** Opening Provided information block **

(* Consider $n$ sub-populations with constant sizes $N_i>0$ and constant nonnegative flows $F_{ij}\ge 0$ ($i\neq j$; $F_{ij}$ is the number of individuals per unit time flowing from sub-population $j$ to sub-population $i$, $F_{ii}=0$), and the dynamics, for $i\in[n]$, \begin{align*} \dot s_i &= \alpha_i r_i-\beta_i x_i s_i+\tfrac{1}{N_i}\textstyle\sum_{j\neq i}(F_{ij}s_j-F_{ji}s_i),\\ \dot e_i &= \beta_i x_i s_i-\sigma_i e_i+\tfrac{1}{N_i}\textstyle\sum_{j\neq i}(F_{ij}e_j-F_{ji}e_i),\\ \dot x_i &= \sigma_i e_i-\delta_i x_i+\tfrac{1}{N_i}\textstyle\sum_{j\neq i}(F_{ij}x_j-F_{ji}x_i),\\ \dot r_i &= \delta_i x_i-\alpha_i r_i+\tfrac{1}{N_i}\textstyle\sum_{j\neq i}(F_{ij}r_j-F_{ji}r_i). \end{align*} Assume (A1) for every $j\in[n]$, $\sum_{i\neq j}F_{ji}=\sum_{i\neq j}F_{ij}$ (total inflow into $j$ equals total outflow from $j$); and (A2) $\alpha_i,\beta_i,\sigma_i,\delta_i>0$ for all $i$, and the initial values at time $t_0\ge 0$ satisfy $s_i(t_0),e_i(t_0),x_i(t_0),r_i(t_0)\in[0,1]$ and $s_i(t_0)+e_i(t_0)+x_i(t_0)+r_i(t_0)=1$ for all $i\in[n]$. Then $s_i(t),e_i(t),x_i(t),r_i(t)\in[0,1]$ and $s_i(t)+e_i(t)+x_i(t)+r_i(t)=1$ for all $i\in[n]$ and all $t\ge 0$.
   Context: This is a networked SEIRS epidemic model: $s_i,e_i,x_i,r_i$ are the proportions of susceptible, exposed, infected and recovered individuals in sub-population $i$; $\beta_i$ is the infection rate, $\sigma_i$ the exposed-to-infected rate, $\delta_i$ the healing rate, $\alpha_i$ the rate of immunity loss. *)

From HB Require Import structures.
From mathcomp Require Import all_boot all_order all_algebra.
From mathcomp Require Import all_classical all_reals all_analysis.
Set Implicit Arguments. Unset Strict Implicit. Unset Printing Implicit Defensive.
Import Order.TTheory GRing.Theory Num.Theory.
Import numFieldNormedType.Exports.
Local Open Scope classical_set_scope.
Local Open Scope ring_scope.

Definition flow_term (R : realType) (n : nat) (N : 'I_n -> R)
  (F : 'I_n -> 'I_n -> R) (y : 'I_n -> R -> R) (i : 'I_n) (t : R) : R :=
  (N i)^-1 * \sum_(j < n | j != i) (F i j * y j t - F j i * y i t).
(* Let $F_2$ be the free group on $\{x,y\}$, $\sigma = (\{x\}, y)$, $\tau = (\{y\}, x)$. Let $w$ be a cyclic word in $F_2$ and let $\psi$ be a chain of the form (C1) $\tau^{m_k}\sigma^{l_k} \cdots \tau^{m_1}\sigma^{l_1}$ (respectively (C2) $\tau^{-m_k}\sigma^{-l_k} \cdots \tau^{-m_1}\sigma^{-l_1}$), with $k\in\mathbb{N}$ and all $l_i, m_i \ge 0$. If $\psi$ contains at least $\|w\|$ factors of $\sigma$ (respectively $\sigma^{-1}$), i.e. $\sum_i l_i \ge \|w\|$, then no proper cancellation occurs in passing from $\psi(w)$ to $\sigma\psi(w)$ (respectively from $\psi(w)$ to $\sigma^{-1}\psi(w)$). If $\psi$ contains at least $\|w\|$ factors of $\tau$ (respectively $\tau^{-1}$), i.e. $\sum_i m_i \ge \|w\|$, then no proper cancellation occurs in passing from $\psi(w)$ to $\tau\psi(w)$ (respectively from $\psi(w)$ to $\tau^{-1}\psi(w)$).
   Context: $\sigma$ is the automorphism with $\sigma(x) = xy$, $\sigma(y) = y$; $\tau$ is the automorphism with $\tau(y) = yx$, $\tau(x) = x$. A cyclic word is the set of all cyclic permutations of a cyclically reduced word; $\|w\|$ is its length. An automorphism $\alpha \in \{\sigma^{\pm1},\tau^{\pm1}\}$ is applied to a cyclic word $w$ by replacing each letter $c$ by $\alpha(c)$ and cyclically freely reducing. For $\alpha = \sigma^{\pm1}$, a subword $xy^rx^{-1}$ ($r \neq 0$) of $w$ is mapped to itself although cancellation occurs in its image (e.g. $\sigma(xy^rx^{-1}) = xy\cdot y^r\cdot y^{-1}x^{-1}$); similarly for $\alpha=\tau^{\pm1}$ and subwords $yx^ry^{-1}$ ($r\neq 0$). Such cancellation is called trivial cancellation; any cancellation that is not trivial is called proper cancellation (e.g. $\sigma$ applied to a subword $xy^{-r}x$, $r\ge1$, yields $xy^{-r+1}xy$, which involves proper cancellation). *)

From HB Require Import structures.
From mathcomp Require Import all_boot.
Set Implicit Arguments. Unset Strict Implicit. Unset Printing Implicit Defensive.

** Closing Provided information block **

> What needs to be done
Transcribe the records above exactly.

> Answer to this exercise
(* Consider $n$ sub-populations with constant sizes $N_i>0$ and constant nonnegative flows $F_{ij}\ge 0$ ($i\neq j$; $F_{ij}$ is the number of individuals per unit time flowing from sub-population $j$ to sub-population $i$, $F_{ii}=0$), and the dynamics, for $i\in[n]$, \begin{align*} \dot s_i &= \alpha_i r_i-\beta_i x_i s_i+\tfrac{1}{N_i}\textstyle\sum_{j\neq i}(F_{ij}s_j-F_{ji}s_i),\\ \dot e_i &= \beta_i x_i s_i-\sigma_i e_i+\tfrac{1}{N_i}\textstyle\sum_{j\neq i}(F_{ij}e_j-F_{ji}e_i),\\ \dot x_i &= \sigma_i e_i-\delta_i x_i+\tfrac{1}{N_i}\textstyle\sum_{j\neq i}(F_{ij}x_j-F_{ji}x_i),\\ \dot r_i &= \delta_i x_i-\alpha_i r_i+\tfrac{1}{N_i}\textstyle\sum_{j\neq i}(F_{ij}r_j-F_{ji}r_i). \end{align*} Assume (A1) for every $j\in[n]$, $\sum_{i\neq j}F_{ji}=\sum_{i\neq j}F_{ij}$ (total inflow into $j$ equals total outflow from $j$); and (A2) $\alpha_i,\beta_i,\sigma_i,\delta_i>0$ for all $i$, and the initial values at time $t_0\ge 0$ satisfy $s_i(t_0),e_i(t_0),x_i(t_0),r_i(t_0)\in[0,1]$ and $s_i(t_0)+e_i(t_0)+x_i(t_0)+r_i(t_0)=1$ for all $i\in[n]$. Then $s_i(t),e_i(t),x_i(t),r_i(t)\in[0,1]$ and $s_i(t)+e_i(t)+x_i(t)+r_i(t)=1$ for all $i\in[n]$ and all $t\ge 0$.
   Context: This is a networked SEIRS epidemic model: $s_i,e_i,x_i,r_i$ are the proportions of susceptible, exposed, infected and recovered individuals in sub-population $i$; $\beta_i$ is the infection rate, $\sigma_i$ the exposed-to-infected rate, $\delta_i$ the healing rate, $\alpha_i$ the rate of immunity loss. *)

From HB Require Import structures.
From mathcomp Require Import all_boot all_order all_algebra.
From mathcomp Require Import all_classical all_reals all_analysis.
Set Implicit Arguments. Unset Strict Implicit. Unset Printing Implicit Defensive.
Import Order.TTheory GRing.Theory Num.Theory.
Import numFieldNormedType.Exports.
Local Open Scope classical_set_scope.
Local Open Scope ring_scope.

Definition flow_term (R : realType) (n : nat) (N : 'I_n -> R)
  (F : 'I_n -> 'I_n -> R) (y : 'I_n -> R -> R) (i : 'I_n) (t : R) : R :=
  (N i)^-1 * \sum_(j < n | j != i) (F i j * y j t - F j i * y i t).
(* Let $F_2$ be the free group on $\{x,y\}$, $\sigma = (\{x\}, y)$, $\tau = (\{y\}, x)$. Let $w$ be a cyclic word in $F_2$ and let $\psi$ be a chain of the form (C1) $\tau^{m_k}\sigma^{l_k} \cdots \tau^{m_1}\sigma^{l_1}$ (respectively (C2) $\tau^{-m_k}\sigma^{-l_k} \cdots \tau^{-m_1}\sigma^{-l_1}$), with $k\in\mathbb{N}$ and all $l_i, m_i \ge 0$. If $\psi$ contains at least $\|w\|$ factors of $\sigma$ (respectively $\sigma^{-1}$), i.e. $\sum_i l_i \ge \|w\|$, then no proper cancellation occurs in passing from $\psi(w)$ to $\sigma\psi(w)$ (respectively from $\psi(w)$ to $\sigma^{-1}\psi(w)$). If $\psi$ contains at least $\|w\|$ factors of $\tau$ (respectively $\tau^{-1}$), i.e. $\sum_i m_i \ge \|w\|$, then no proper cancellation occurs in passing from $\psi(w)$ to $\tau\psi(w)$ (respectively from $\psi(w)$ to $\tau^{-1}\psi(w)$).
   Context: $\sigma$ is the automorphism with $\sigma(x) = xy$, $\sigma(y) = y$; $\tau$ is the automorphism with $\tau(y) = yx$, $\tau(x) = x$. A cyclic word is the set of all cyclic permutations of a cyclically reduced word; $\|w\|$ is its length. An automorphism $\alpha \in \{\sigma^{\pm1},\tau^{\pm1}\}$ is applied to a cyclic word $w$ by replacing each letter $c$ by $\alpha(c)$ and cyclically freely reducing. For $\alpha = \sigma^{\pm1}$, a subword $xy^rx^{-1}$ ($r \neq 0$) of $w$ is mapped to itself although cancellation occurs in its image (e.g. $\sigma(xy^rx^{-1}) = xy\cdot y^r\cdot y^{-1}x^{-1}$); similarly for $\alpha=\tau^{\pm1}$ and subwords $yx^ry^{-1}$ ($r\neq 0$). Such cancellation is called trivial cancellation; any cancellation that is not trivial is called proper cancellation (e.g. $\sigma$ applied to a subword $xy^{-r}x$, $r\ge1$, yields $xy^{-r+1}xy$, which involves proper cancellation). *)

From HB Require Import structures.
From mathcomp Require Import all_boot.
Set Implicit Arguments. Unset Strict Implicit. Unset Printing Implicit Defensive.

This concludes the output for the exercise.